[Collected data]
(* Let $q$ be a nonzero complex number with $q^4\ne1$. Let $\zeta,\kappa,\zeta',\kappa'$ be nonzero complex numbers with $\zeta\neq\pm1$, $\kappa^4\neq 1$, $\zeta'\ne\pm1$, $(\kappa')^4\neq1$. Let $x,y$ and $x',y'$ be the standard bases of $V(\zeta,\kappa)$ and $V(\zeta',\kappa')$. If \[\phi: V(\zeta,\kappa)\otimes V(\zeta',\kappa')\to V(\zeta',\kappa')\otimes V(\zeta,\kappa)\] is a module isomorphism, then there are constants $a_1,a_2,b_1,b_2,c_1,c_2$ with \[\phi(x\otimes x')=a_2\,x'\otimes x,\quad \phi(x\otimes y')=c_2\,x'\otimes y+b_2\,y'\otimes x,\] \[\phi(y\otimes x')=b_1\,x'\otimes y+c_1\,y'\otimes x,\quad \phi(y\otimes y')=a_1\,y'\otimes y. \tag{$*$}\] Furthermore, a linear map $\phi$ of the form $( * )$ is a module homomorphism if and only if \[ \begin{aligned} &[\zeta]c_2+[\zeta']\zeta^{-1}b_2=[\zeta']a_2, && [\zeta]b_1+\zeta^{-1}[\zeta']c_1=[\zeta](\zeta')^{-1}a_2,\\ &[\zeta']\zeta^{-1}a_1=(\zeta')^{-1}[\zeta]c_2-[\zeta']b_1, && -[\zeta]a_1=(\zeta')^{-1}[\zeta]b_2-[\zeta']c_1,\\ &a_2=c_1+\zeta b_2, && \zeta'a_2=b_1+\zeta c_2,\\ &c_2-\zeta'b_2=a_1, && b_1-c_1\zeta'=-a_1\zeta. \end{aligned} \]
   Context: $[\zeta]=\frac{\zeta-\zeta^{-1}}{q-q^{-1}}$. $U_q(\mathfrak{gl}(1|1))$ is the associative superalgebra generated by odd $E,F$ and even invertible commuting $W^{\pm1},K^{\pm1}$ with relations $KEK^{-1}=q^2E$, $KFK^{-1}=q^{-2}F$, $W$ central, $EF+FE=\frac{W-W^{-1}}{q-q^{-1}}$, $E^2=F^2=0$. It is a Hopf superalgebra with comultiplication $\Delta(W)=W\otimes W$, $\Delta(K)=K\otimes K$, $\Delta(E)=E\otimes W^{-1}+1\otimes E$, $\Delta(F)=F\otimes 1+W\otimes F$; tensor products of modules are formed via $\Delta$ with the sign rule $(a\otimes b)(v\otimes w)=(-1)^{|b||v|}(av\otimes bw)$ for homogeneous elements. For $\zeta,\kappa\in\mathbb{C}^\times$, $V(\zeta,\kappa)$ is the module with basis $x$ (even), $y$ (odd) and action $Ex=0$, $Fx=y$, $Wx=\zeta x$, $Kx=\kappa x$, $Fy=0$, $Ey=[\zeta]x$, $Wy=\zeta y$, $Ky=q^{-2}\kappa y$; similarly $V(\zeta',\kappa')$ has basis $x',y'$. A module homomorphism is a linear map commuting with the action of all generators. *)

(* Complex numbers are modelled as R[i] = complex R for an
   arbitrary R : realType (every realType is a model of the real numbers). *)
From HB Require Import structures.
From mathcomp Require Import all_boot all_order all_algebra.
From mathcomp Require Import complex.
From mathcomp Require Import reals.
Set Implicit Arguments.
Unset Strict Implicit.
Unset Printing Implicit Defensive.
Import Order.TTheory GRing.Theory Num.Theory.
Local Open Scope ring_scope.

Section Gl11.
Variable C : fieldType.

Definition qbr (q z : C) : C := (z - z^-1) / (q - q^-1).

(* A representation of U_q(gl(1|1)) on the super vector space C^n, given by
   the matrices (acting on column coordinate vectors) of the generators
   E, F, W, W^-1, K, K^-1, together with the parity of each basis vector. *)
Record gl11rep (n : nat) := Gl11Rep {
  rE : 'M[C]_n; rF : 'M[C]_n;
  rW : 'M[C]_n; rWi : 'M[C]_n;
  rK : 'M[C]_n; rKi : 'M[C]_n;
  rpar : 'I_n -> bool (* true = odd *) }.

Definition sgnmx n (p : 'I_n -> bool) : 'M[C]_n :=
  diag_mx (\row_i (if p i then -1 else 1)).

(* Elements of V1 (x) V2 with dim V1 = m, dim V2 = n are represented by
   coefficient matrices M : 'M_(m,n), M i j = coefficient of e_i (x) f_j;
   in particular the pure tensor v (x) w is v *m w^T. *)
Definition tens m n (v : 'cV[C]_m) (w : 'cV[C]_n) : 'M[C]_(m, n) := v *m w^T.

(* action of a (x) b on V1 (x) V2 with the sign rule
   (a (x) b)(v (x) w) = (-1)^{|b||v|} av (x) bw, where b has parity oddb *)
Definition tens_op m n (p1 : 'I_m -> bool) (A : 'M[C]_m) (B : 'M[C]_n)
  (oddb : bool) (M : 'M[C]_(m, n)) : 'M[C]_(m, n) :=
  A *m (if oddb then sgnmx p1 *m M else M) *m B^T.

Section Tensor.
Variables (m n : nat) (V1 : gl11rep m) (V2 : gl11rep n).
Let p1 := rpar V1.
(* Delta(E) = E (x) W^-1 + 1 (x) E   (E odd, W^-1 even) *)
Definition tE M := tens_op p1 (rE V1) (rWi V2) false M + tens_op p1 1 (rE V2) true M.
Definition tF M := tens_op p1 (rF V1) 1 false M + tens_op p1 (rW V1) (rF V2) true M.
Definition tW M := tens_op p1 (rW V1) (rW V2) false M.
Definition tWi M := tens_op p1 (rWi V1) (rWi V2) false M.
Definition tK M := tens_op p1 (rK V1) (rK V2) false M.
Definition tKi M := tens_op p1 (rKi V1) (rKi V2) false M.
End Tensor.

Definition tens_hom m n m' n' (V1 : gl11rep m) (V2 : gl11rep n)
  (V3 : gl11rep m') (V4 : gl11rep n') (f : 'M[C]_(m, n) -> 'M[C]_(m', n')) :=
  forall M,
  f (tE V1 V2 M) = tE V3 V4 (f M) /\ f (tF V1 V2 M) = tF V3 V4 (f M) /\
  f (tW V1 V2 M) = tW V3 V4 (f M) /\ f (tWi V1 V2 M) = tWi V3 V4 (f M) /\
  f (tK V1 V2 M) = tK V3 V4 (f M) /\ f (tKi V1 V2 M) = tKi V3 V4 (f M).

(* standard basis: x = e_0 (even), y = e_1 (odd) *)
Definition bx : 'cV[C]_2 := delta_mx 0 0.
Definition by_ : 'cV[C]_2 := delta_mx 1 0.

(* the module V(zeta, kappa) in the basis (x, y):
   Ex = 0, Ey = [zeta] x, Fx = y, Fy = 0, W = zeta, K x = kappa x,
   K y = q^-2 kappa y *)
Definition Vmod (q zeta kappa : C) : gl11rep 2 :=
  @Gl11Rep 2
    (\matrix_(i < 2, j < 2) if (i == 0) && (j == 1) then qbr q zeta else 0)
    (\matrix_(i < 2, j < 2) if (i == 1) && (j == 0) then 1 else 0)
    (zeta%:M) (zeta^-1%:M)
    (diag_mx (\row_(i < 2) if i == 0 then kappa else q ^- 2 * kappa))
    (diag_mx (\row_(i < 2) if i == 0 then kappa^-1 else q ^+ 2 * kappa^-1))
    (fun i => i == 1).

End Gl11.

From HB Require Import structures.
From mathcomp Require Import all_boot all_order all_algebra.
From mathcomp Require Import complex.
From mathcomp Require Import reals.
From mathcomp Require Import ring zify.
Set Implicit Arguments.
Unset Strict Implicit.
Unset Printing Implicit Defensive.
Import GRing.Theory.
Local Open Scope ring_scope.

(* K acts diagonally on the tensor basis e_i (x) e_j of V(zeta, kappa) (x) V(zeta', kappa'),
   with eigenvalue kappa kappa' q^(-2(i+j)); as q^4 <> 1 these eigenvalues separate the
   degrees i + j = 0, 1, 2, so a map commuting with K preserves the degree, which is
   exactly the shape ( * ).  For a map of shape ( * ), commuting with W and K is automatic,
   while the defects phi E - E phi and phi F - F phi are linear in the coordinates of the
   input, with coefficients the differences of the two sides of the eight equations. *)

Lemma ord2P (i : 'I_2) : i = 0 \/ i = 1.
Proof. by case: i => [[|[|//]] ?]; [left|right]; apply: val_inj. Qed.

Lemma lift0_ord2 : lift ord0 ord0 = 1 :> 'I_2. Proof. exact: val_inj. Qed.
Lemma ord0_ord2 : ord0 = 0 :> 'I_2. Proof. exact: val_inj. Qed.

Ltac mx2_ext :=
  apply/matrixP; let i := fresh "i" in let j := fresh "j" in
  move=> i j; case: (ord2P i) => ->; case: (ord2P j) => ->;
  rewrite !(mxE, big_ord_recl, big_ord0) /= ?lift0_ord2 ?ord0_ord2.

Lemma tens_delta (F : fieldType) m n (i : 'I_m) (j : 'I_n) :
  tens (delta_mx i 0) (delta_mx j 0) = delta_mx i j :> 'M[F]_(m, n).
Proof. by rewrite /tens trmx_delta mul_delta_mx. Qed.

Lemma tens_op_diag (F : fieldType) m n (p : 'I_m -> bool) (d1 : 'rV[F]_m) (d2 : 'rV[F]_n) M :
  tens_op p (diag_mx d1) (diag_mx d2) false M = \matrix_(i, j) (d1 0 i * d2 0 j * M i j).
Proof.
rewrite /tens_op tr_diag_mx mul_diag_mx mul_mx_diag.
by apply/matrixP => i j; rewrite !mxE mulrAC.
Qed.

Lemma expf_inj_le2 (F : fieldType) (p : F) (m n : nat) :
  p != 0 -> p ^+ 2 != 1 -> (m <= 2)%N -> (n <= 2)%N -> p ^+ m = p ^+ n -> m = n.
Proof.
move=> p0 p2; wlog le_mn : m n / (m <= n)%N => [hw|].
  by case/orP: (leq_total m n) => le m2 n2 e; [exact: hw | exact/esym/hw/esym].
move=> _ n2; rewrite -(subnKC le_mn) exprD -{1}[p ^+ m]mulr1.
move/(mulfI (expf_neq0 m p0))/esym.
have : (n - m <= 2)%N by lia.
case: (n - m)%N => [|[|[|//]]] _; first by rewrite addn0.
  by rewrite expr1 => p1; rewrite p1 expr1n eqxx in p2.
by move=> p21; rewrite p21 eqxx in p2.
Qed.

Section VmodTensorAction.
Variables (F : fieldType) (q z k z' k' : F).
Let V := Vmod q z k.
Let V' := Vmod q z' k'.

Lemma tE_Vmod M : tE V V' M =
  \matrix_(i, j) if i == 0 then
                   if j == 0 then qbr q z' * M 0 1 + z'^-1 * qbr q z * M 1 0
                   else z'^-1 * qbr q z * M 1 1
                 else if j == 0 then - qbr q z' * M 1 1 else 0.
Proof. rewrite /tE /tens_op /sgnmx /=; mx2_ext; ring. Qed.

- About this exercise:
Once you find the line containing "by apply/matrixP => i j; rewrite !mxE mulrAC.", copy it and every line after it through the end of the records, exactly as they stand.

- Answer below:
by apply/matrixP => i j; rewrite !mxE mulrAC.
Qed.

Lemma expf_inj_le2 (F : fieldType) (p : F) (m n : nat) :
  p != 0 -> p ^+ 2 != 1 -> (m <= 2)%N -> (n <= 2)%N -> p ^+ m = p ^+ n -> m = n.
Proof.
move=> p0 p2; wlog le_mn : m n / (m <= n)%N => [hw|].
  by case/orP: (leq_total m n) => le m2 n2 e; [exact: hw | exact/esym/hw/esym].
move=> _ n2; rewrite -(subnKC le_mn) exprD -{1}[p ^+ m]mulr1.
move/(mulfI (expf_neq0 m p0))/esym.
have : (n - m <= 2)%N by lia.
case: (n - m)%N => [|[|[|//]]] _; first by rewrite addn0.
  by rewrite expr1 => p1; rewrite p1 expr1n eqxx in p2.
by move=> p21; rewrite p21 eqxx in p2.
Qed.

Section VmodTensorAction.
Variables (F : fieldType) (q z k z' k' : F).
Let V := Vmod q z k.
Let V' := Vmod q z' k'.

Lemma tE_Vmod M : tE V V' M =
  \matrix_(i, j) if i == 0 then
                   if j == 0 then qbr q z' * M 0 1 + z'^-1 * qbr q z * M 1 0
                   else z'^-1 * qbr q z * M 1 1
                 else if j == 0 then - qbr q z' * M 1 1 else 0.
Proof. rewrite /tE /tens_op /sgnmx /=; mx2_ext; ring. Qed.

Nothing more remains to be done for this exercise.